Lea -- your post to Star was, as usual, compassionate and caring.  I disagree with you on only one point, and I realize I am going out on a rather precipitous theological limb here, but this is something I feel I must share, albeit as my opinion only.

You state a view held by many, and that is that God does not give people more than they can handle.  That may be so, but very often life -- not God -- does.  God does not hand out pain and suffering, nor stand idly by while it is occuring.  Although this is not my idea (I believe it was first brought forth in the book "When Bad Things Happen To Good People", by Rabbi Harold Kushner), the concept exists that God must be *either* All-Powerful or All-Loving, but NOT both.

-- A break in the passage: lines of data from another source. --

(* Let $N_e\ge2$, $L\ge1$ be integers, $\sigma_r>0$, $c_4\in\mathbb{C}\setminus\{0\}$, $d>0$. For $\phi\in(-\pi/2,\pi/2)$ let $$\mathbf{C}(\phi)=|c_4|^2L\,\mathbf{I}_L\otimes\big(d\,\mathbf{c}(\phi)\mathbf{c}(\phi)^H\big)+\sigma_r^2\mathbf{I}_{N_eL},$$ $F_{\phi\phi}=\mathrm{tr}\!\big(\mathbf{C}^{-1}\frac{\partial\mathbf{C}}{\partial\phi}\mathbf{C}^{-1}\frac{\partial\mathbf{C}}{\partial\phi}\big)$ and $\mathrm{CRB}(\phi)=1/F_{\phi\phi}$. Then $$\mathrm{CRB}(\phi)=\frac{6\sigma_r^2(\sigma_r^2+|c_4|^2LdN_e)}{|c_4|^4L^3d^2\pi^2\cos^2(\phi)N_e^2(N_e^2-1)}.$$ Moreover, if $\phi\sim\mathcal{U}(-\pi/2,\pi/2)$ then for $\epsilon>0$, with $u(\epsilon)=\sqrt6\,\sigma_r\big(\epsilon|c_4|^4L^3d^2\pi^2N_e^2(N_e^2-1)\big)^{-1/2}(\sigma_r^2+|c_4|^2LdN_e)^{1/2}$, we have $P(\mathrm{CRB}(\phi)>\epsilon)=\frac2\pi\sin^{-1}(u(\epsilon))$ if $u(\epsilon)<1$, and $=1$ otherwise.
   Context: $j=\sqrt{-1}$. $\mathbf{c}(\phi)\in\mathbb{C}^{N_e}$ has $i$-th entry $e^{-j\pi\sin(\phi)\frac{N_e-(2i-1)}{2}}$. This models a weak sensing eavesdropper (not knowing the transmitted signal) under the SSJB scheme: its vectorized observation is zero-mean complex Gaussian with covariance $\mathbf{C}(\phi)$, where in the paper $d=P\tau|\alpha|^2N$ ($P>0$ transmit power, $\tau\in(0,1)$ data power fraction, $\alpha$ the coefficient of the data beam along the normalized target steering vector, $N$ the number of BS transmit antennas); $\mathrm{CRB}(\phi)$ is the inverse Fisher information for $\phi$. *)

From HB Require Import structures.
From mathcomp Require Import all_boot all_order all_algebra.
From mathcomp Require Import all_classical all_reals all_analysis.
From mathcomp Require Import complex mxtens.

Set Implicit Arguments.
Unset Strict Implicit.
Unset Printing Implicit Defensive.

Import Order.TTheory GRing.Theory Num.Theory.
Local Open Scope ring_scope.
Local Open Scope complex_scope.

Section Defs.
Variable R : realType.

Definition expj (theta : R) : R[i] := cos theta +i* sin theta.

(* steering vector c(phi) in C^{Ne}: the (1-indexed) k-th entry is
   exp(-j pi sin(phi) (Ne - (2k-1))/2); here k = i + 1 for i : 'I_Ne. *)
Definition steer (Ne : nat) (phi : R) : 'cV[R[i]]_Ne :=
  \col_(i < Ne) expj (- (pi * sin phi * (Ne%:R - (2 * (i%:R + 1) - 1)) / 2)).

Definition modc (z : R[i]) : R :=
  Num.sqrt (complex.Re z ^+ 2 + complex.Im z ^+ 2).

Definition herm (m n : nat) (A : 'M[R[i]]_(m, n)) : 'M[R[i]]_(n, m) :=
  (map_mx (fun z : R[i] => z^*) A)^T.

Definition cderive (f : R -> R[i]) (x : R) : R[i] :=
  (derive1 (fun t => complex.Re (f t)) x) +i* (derive1 (fun t => complex.Im (f t)) x).

Definition mderive (m n : nat) (M : R -> 'M[R[i]]_(m, n)) (x : R)
  : 'M[R[i]]_(m, n) :=
  \matrix_(i, j) cderive (fun t => M t i j) x.

Definition Cmat (Ne L : nat) (sigma : R) (c4 : R[i]) (d : R) (phi : R)
  : 'M[R[i]]_(L * Ne) :=
  (`|c4| ^+ 2 * L%:R) *: ((1%:M : 'M[R[i]]_L) *t
       ((d%:C) *: (steer Ne phi *m herm (steer Ne phi))))
  + (sigma ^+ 2)%:C *: 1%:M.

Definition Fisher (Ne L : nat) (sigma : R) (c4 : R[i]) (d : R) (phi : R)
  : R[i] :=
  let C := Cmat Ne L sigma c4 d phi in
  let dC := mderive (Cmat Ne L sigma c4 d) phi in
  \tr (invmx C *m dC *m invmx C *m dC).

Definition CRB (Ne L : nat) (sigma : R) (c4 : R[i]) (d : R) (phi : R)
  : R[i] := (Fisher Ne L sigma c4 d phi)^-1.

Lemma mpi2_lt_pi2 : - (pi / 2) < pi / 2 :> R.
Proof.
have h : 0 < pi / 2 :> R by rewrite divr_gt0 // pi_gt0.
by rewrite (lt_trans _ h) // oppr_lt0.
Qed.

End Defs.

(* C(phi) = beta (I_L (x) c c^H) + sigma^2 I is, block by block, a
   rank-one perturbation of a scalar matrix, so Sherman-Morrison inverts it.
   With the antenna positions centred, c^H c = Ne, c^H c' = 0 and
   c'^H c' = pi^2 cos^2 phi Ne (Ne^2 - 1) / 12 for c' = dc/dphi, and the trace
   tr (C^-1 C' C^-1 C') collapses to
   2 L beta^2 Ne c'^H c' / (sigma^2 (sigma^2 + beta Ne)), i.e.
   CRB(phi) = 1 / (K cos^2 phi) with K the Fisher information at phi = 0.
   Hence CRB(phi) > eps iff 0 < cos phi < u with u^2 = 1 / (eps K); on
   [-pi/2, pi/2] this is acos u < |phi| < pi/2 when u <= 1, of probability
   2 (pi/2 - acos u) / pi = 2 asin u / pi. *)

From HB Require Import structures.
From mathcomp Require Import all_boot all_order all_algebra.
From mathcomp Require Import all_classical all_reals all_analysis.
From mathcomp Require Import complex mxtens.
From mathcomp Require Import ring lra.

Set Implicit Arguments.
Unset Strict Implicit.
Unset Printing Implicit Defensive.

Import Order.TTheory GRing.Theory Num.Theory.
Local Open Scope ring_scope.
Local Open Scope complex_scope.

Section Kronecker.
Variable R : comPzRingType.

Lemma tensmxBr m n p q (A : 'M[R]_(m, n)) (B1 B2 : 'M[R]_(p, q)) :
  A *t (B1 - B2) = A *t B1 - A *t B2.
Proof. by apply/matrixP => i j; rewrite !mxE mulrBr. Qed.

Lemma tensmxZr m n p q (A : 'M[R]_(m, n)) (k : R) (B : 'M[R]_(p, q)) :
  A *t (k *: B) = k *: (A *t B).
Proof. by apply/matrixP => i j; rewrite !mxE mulrCA. Qed.

Lemma tensmx1 m n : (1%:M : 'M[R]_m) *t (1%:M : 'M[R]_n) = 1%:M.
Proof.
apply/matrixP => i j.
case: (mxtens_indexP i) => i1 i2; case: (mxtens_indexP j) => j1 j2.
rewrite tensmxE !mxE (inj_eq (can_inj (@mxtens_indexK m n))) xpair_eqE.
by case: (i1 == j1); case: (i2 == j2); rewrite ?mulr1 ?mulr0 ?mul0r.
Qed.

Lemma mxtrace_tens m n (A : 'M[R]_m) (B : 'M[R]_n) :
  \tr (A *t B) = \tr A * \tr B.
Proof.
rewrite /mxtrace (reindex (@mxtens_index m n)) /=; last first.
  by exists (@mxtens_unindex m n) => x _; rewrite ?mxtens_indexK ?mxtens_unindexK.
rewrite (eq_bigr (fun p => A p.1 p.1 * B p.2 p.2)); last by move=> [i j] _; rewrite tensmxE.
rewrite -(pair_big predT predT (fun i j => A i i * B j j)) mulr_suml.
by under [RHS]eq_bigr do rewrite mulr_sumr.
Qed.

End Kronecker.

Section RankOnePerturbation.
Variable F : fieldType.
Variables (L n : nat) (c c' : 'cV[F]_n) (r r' : 'rV[F]_n) (nc nc' be s : F).
Hypotheses (rc : r *m c = nc%:M) (rc' : r *m c' = 0) (r'c : r' *m c = 0)
  (r'c' : r' *m c' = nc'%:M) (s_neq0 : s != 0) (sbe_neq0 : s + be * nc != 0).
(* Let $A\subseteq\mathbb{R}$ be open, $x\in A$, and $f:A\to\mathbb{R}$ locally Lipschitz. The following are equivalent: (1) $f$ is differentiable at $x$; (2) there exists a unique $m\in\mathbb{R}$ such that ${}^\bullet f(x+h)=f(x)+h\cdot m$ in ${}^\bullet\mathbb{R}$ for all $h\in D$. In this case $m=f'(x)$.
   Context: A function $x:\mathbb{R}\to\mathbb{R}$ is nilpotent if $|x(t)-x(0)|^k=o(t)$ as $t\to0$ for some $k\in\mathbb{N}$; for $A\subseteq\mathbb{R}$, $\mathrm{Nil}(A)$ is the set of nilpotent functions with values in $A$. For such $x,y$, $x\sim y$ iff $x(t)=y(t)+o(t)$ as $t\to0$. ${}^\bullet A:=\mathrm{Nil}(A)/\sim$, identified with a subset of ${}^\bullet\mathbb{R}:=\mathrm{Nil}(\mathbb{R})/\sim$ (a commutative ring under pointwise operations, reals identified with constant functions). For locally Lipschitz $f:A\to\mathbb{R}$, ${}^\bullet f([y]):=[f\circ y]$ on ${}^\bullet A$. $D:=\{h\in{}^\bullet\mathbb{R}:\limsup_{t\to0}|h(t)/t|<+\infty\}$. For $h\in D$ and $x\in A$ open, $x+h\in{}^\bullet A$, so ${}^\bullet f(x+h)$ is defined. *)

From Stdlib Require Import Reals.
From Coquelicot Require Import Coquelicot.
Open Scope R_scope.

Definition little_o_t (g : R -> R) : Prop :=
  forall eps, 0 < eps -> exists delta, 0 < delta /\
    forall t, 0 < Rabs t < delta -> Rabs (g t) <= eps * Rabs t.

Definition nilpotent (x : R -> R) : Prop :=
  exists k : nat, little_o_t (fun t => (Rabs (x t - x 0)) ^ k).

Definition nil_equiv (x y : R -> R) : Prop :=
  little_o_t (fun t => x t - y t).

(* h (a representative of an element of *R) lies in D:
   h nilpotent and limsup_{t->0} |h(t)/t| < +oo. *)
Definition in_D (h : R -> R) : Prop :=
  nilpotent h /\
  exists C delta, 0 < delta /\
    forall t, 0 < Rabs t < delta -> Rabs (h t / t) <= C.

(* f : A -> R locally Lipschitz (f given on all of R, only its values on A matter). *)
Definition loc_lipschitz_on (A : R -> Prop) (f : R -> R) : Prop :=
  forall a, A a -> exists eps L, 0 < eps /\
    forall y z, A y -> A z -> Rabs (y - a) < eps -> Rabs (z - a) < eps ->
      Rabs (f y - f z) <= L * Rabs (y - z).

(* Statement (2) for a given m:  *f(x+h) = f(x) + h*m in *R for all h in D. *)
Definition dot_linear (f : R -> R) (x m : R) : Prop :=
  forall h, in_D h -> nil_equiv (fun t => f (x + h t)) (fun t => f x + h t * m).

(* Taking h the identity infinitesimal [t |-> t] in (2) says exactly that
   f(x + t) = f(x) + t m + o(t), i.e. that m is the derivative of f at x;
   uniqueness of m follows because a term t c is o(t) only for c = 0.
   Conversely, every h in D satisfies |h(t)| <= C |t| near 0, so composing
   the first-order expansion of f at x with h keeps the remainder o(t). *)

From Stdlib Require Import Reals Lra.
From Coquelicot Require Import Coquelicot.
Open Scope R_scope.

Lemma little_o_t_minus (g1 g2 : R -> R) :
  little_o_t g1 -> little_o_t g2 -> little_o_t (fun t => g1 t - g2 t).
Proof.
  intros H1 H2 eps Heps.
  destruct (H1 (eps / 2) ltac:(lra)) as [d1 [Hd1 Hg1]].
  destruct (H2 (eps / 2) ltac:(lra)) as [d2 [Hd2 Hg2]].
  exists (Rmin d1 d2); split; [now apply Rmin_glb_lt|].
  intros t [Ht0 Ht].
  specialize (Hg1 t (conj Ht0 (Rlt_le_trans _ _ _ Ht (Rmin_l _ _)))).
  specialize (Hg2 t (conj Ht0 (Rlt_le_trans _ _ _ Ht (Rmin_r _ _)))).
  eapply Rle_trans; [apply Rabs_triang|]. rewrite Rabs_Ropp. lra.
Qed.

Lemma little_o_t_linear_eq0 (c : R) : little_o_t (fun t => t * c) -> c = 0.
Proof.
  intros Ho. destruct (Req_dec c 0) as [|Hc]; [easy|exfalso].
  assert (Hc0 : 0 < Rabs c) by now apply Rabs_pos_lt.
  destruct (Ho (Rabs c / 2) ltac:(lra)) as [d [Hd Hg]].
  specialize (Hg (d / 2)). rewrite Rabs_mult, (Rabs_pos_eq (d / 2)) in Hg by lra.
  assert (Hbound : d / 2 * Rabs c <= Rabs c / 2 * (d / 2)) by (apply Hg; lra).
  nra.
Qed.

(* The remainder bound also holds at [u = 0], which matters when composing
   with an infinitesimal [h] that vanishes at some [t <> 0]. *)
Lemma derivable_pt_lim_remainder (f : R -> R) (x l : R) :
  derivable_pt_lim f x l ->
  forall eps, 0 < eps -> exists d, 0 < d /\ forall u, Rabs u < d ->
    Rabs (f (x + u) - (f x + u * l)) <= eps * Rabs u.
Proof.
  intros Hl eps Heps. destruct (Hl eps Heps) as [[d Hd] Hq].
  exists d; split; [easy|]. intros u Hu.
  destruct (Req_dec u 0) as [->|Hu0].
  - rewrite Rplus_0_r, Rmult_0_l, Rplus_0_r, Rminus_diag, !Rabs_R0. lra.
  - replace (f (x + u) - (f x + u * l)) with (((f (x + u) - f x) / u - l) * u)
      by (field; easy).
    rewrite Rabs_mult. apply Rmult_le_compat_r; [apply Rabs_pos|].
    left; now apply Hq.
Qed.

Lemma little_o_t_derivable_pt_lim (f : R -> R) (x m : R) :
  little_o_t (fun t => f (x + t) - (f x + t * m)) -> derivable_pt_lim f x m.
Proof.
  intros Ho eps Heps. destruct (Ho (eps / 2) ltac:(lra)) as [d [Hd Hg]].
  exists (mkposreal d Hd). intros u Hu0 Hu. simpl in Hu.
  assert (Hau : 0 < Rabs u) by now apply Rabs_pos_lt.
  specialize (Hg u (conj Hau Hu)).
  replace ((f (x + u) - f x) / u - m) with ((f (x + u) - (f x + u * m)) / u)
    by (field; easy).
  unfold Rdiv. rewrite Rabs_mult, Rabs_inv.
  apply Rle_lt_trans with (eps / 2 * Rabs u * / Rabs u).
  - apply Rmult_le_compat_r; [left; now apply Rinv_0_lt_compat | easy].
  - field_simplify; lra.
Qed.

Lemma in_D_id : in_D (fun t => t).
Proof.
  split.
  - exists 2%nat. intros eps Heps. exists eps; split; [easy|].
    intros t [Ht0 Ht]. rewrite Rminus_0_r; simpl. rewrite Rmult_1_r, Rabs_mult, Rabs_Rabsolu.
    apply Rmult_le_compat_r; lra.
  - exists 1, 1; split; [lra|]. intros t [Ht0 _].
    assert (t <> 0) by (intros ->; rewrite Rabs_R0 in Ht0; lra).
    unfold Rdiv; rewrite Rinv_r, Rabs_R1 by easy. lra.
Qed.

Lemma in_D_linear_bound (h : R -> R) : in_D h ->
  exists C d, 0 < C /\ 0 < d /\ forall t, 0 < Rabs t < d -> Rabs (h t) <= C * Rabs t.
Proof.
  intros [_ [C [d [Hd HC]]]]. exists (Rabs C + 1), d.
  split; [pose proof (Rabs_pos C); lra|]. split; [easy|].
  intros t Ht.
  assert (t <> 0) by (intros ->; rewrite Rabs_R0 in Ht; lra).
  replace (h t) with (h t / t * t) by (field; easy).
  rewrite Rabs_mult. apply Rmult_le_compat_r; [apply Rabs_pos|].
  pose proof (Rle_abs C). specialize (HC t Ht). lra.
Qed.

Lemma little_o_comp_linear_bound (g h : R -> R) (C d0 : R) :
  0 < C -> 0 < d0 ->
  (forall t, 0 < Rabs t < d0 -> Rabs (h t) <= C * Rabs t) ->
  (forall eps, 0 < eps -> exists d, 0 < d /\
     forall u, Rabs u < d -> Rabs (g u) <= eps * Rabs u) ->
  little_o_t (fun t => g (h t)).
Proof.
  intros HC Hd0 Hh Hg eps Heps.
  destruct (Hg (eps / C) ltac:(apply Rdiv_lt_0_compat; lra)) as [eta [Heta Hgeta]].
  exists (Rmin d0 (eta / C)); split.
  { apply Rmin_glb_lt; [easy|apply Rdiv_lt_0_compat; lra]. }
  intros t [Ht0 Ht].
  assert (Hht : Rabs (h t) <= C * Rabs t)
    by (apply Hh; split; [easy|eapply Rlt_le_trans; [exact Ht|apply Rmin_l]]).
  assert (Hsmall : C * Rabs t < eta).
  { pose proof (Rmin_r d0 (eta / C)).
    replace eta with (C * (eta / C)) by (field; lra).
    apply Rmult_lt_compat_l; lra. }
  eapply Rle_trans; [apply Hgeta; lra|].
  apply Rle_trans with (eps / C * (C * Rabs t)).
  - apply Rmult_le_compat_l; [left; apply Rdiv_lt_0_compat; lra|easy].
  - right; field; lra.
Qed.

Lemma derivable_pt_lim_dot_linear (f : R -> R) (x l : R) :
  derivable_pt_lim f x l -> dot_linear f x l.
Proof.
  intros Hl h Hh.
  destruct (in_D_linear_bound h Hh) as [C [d [HC [Hd Hbound]]]].
  exact (little_o_comp_linear_bound (fun u => f (x + u) - (f x + u * l)) h C d
           HC Hd Hbound (derivable_pt_lim_remainder f x l Hl)).
Qed.

Lemma dot_linear_derivable_pt_lim (f : R -> R) (x m : R) :
  dot_linear f x m -> derivable_pt_lim f x m.
Proof.
  intros Hm. apply little_o_t_derivable_pt_lim. exact (Hm _ in_D_id).
Qed.

Lemma dot_linear_unique (f : R -> R) (x m m' : R) :
  dot_linear f x m -> dot_linear f x m' -> m = m'.
Proof.
  intros Hm Hm'.
  pose proof (little_o_t_minus _ _ (Hm' _ in_D_id) (Hm _ in_D_id)) as Hdiff.
  assert (Hlin : little_o_t (fun t => t * (m - m'))).
  { intros eps Heps. destruct (Hdiff eps Heps) as [d [Hd Hg]].
    exists d; split; [easy|]. intros t Ht.
    replace (t * (m - m')) with
      (f (x + t) - (f x + t * m') - (f (x + t) - (f x + t * m))) by ring.
    now apply Hg. }
  apply little_o_t_linear_eq0 in Hlin. lra.
Qed.

(* The hypotheses on [A] are what make *f well defined in the paper; here [f]
   is total, so the proof does not need them. *)
Theorem mainTheorem11 (A : R -> Prop) (f : R -> R) (x : R) :
  open_set A -> A x -> loc_lipschitz_on A f ->
  (ex_derive f x <-> exists! m : R, dot_linear f x m) /\
  (ex_derive f x -> dot_linear f x (Derive f x)).
Proof.
  intros _ _ _.
  assert (Hderive : ex_derive f x -> dot_linear f x (Derive f x)).
  { intros [l Hl]. rewrite (is_derive_unique f x l Hl).
    now apply derivable_pt_lim_dot_linear, is_derive_Reals. }
  split; [split|exact Hderive].
  - intros Hex. exists (Derive f x). split; [now apply Hderive|].
    intros m' Hm'. apply (dot_linear_unique f x); [now apply Hderive|exact Hm'].
  - intros [m [Hm _]]. exists m.
    now apply is_derive_Reals, dot_linear_derivable_pt_lim.
Qed.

This is fairly simple to grasp, at least for me.  With things such as the Holocaust, mass starvation, plane crashes, and all the things we read about in our daily news, the idea of God as All-Powerful -- that is, *able* to stop such things from happening, but *unwilling* to do so -- is not conceivable to me.  I cannot imagine a God who, for whatever reasons, would stand by and allow such suffering to take place.  For those of you with children, could you imagine allowing your child to run in front of a speeding car if you could prevent it, even if you had a divine knowledge that, as a quadriplegic, your child's words and work would one day inspire millions?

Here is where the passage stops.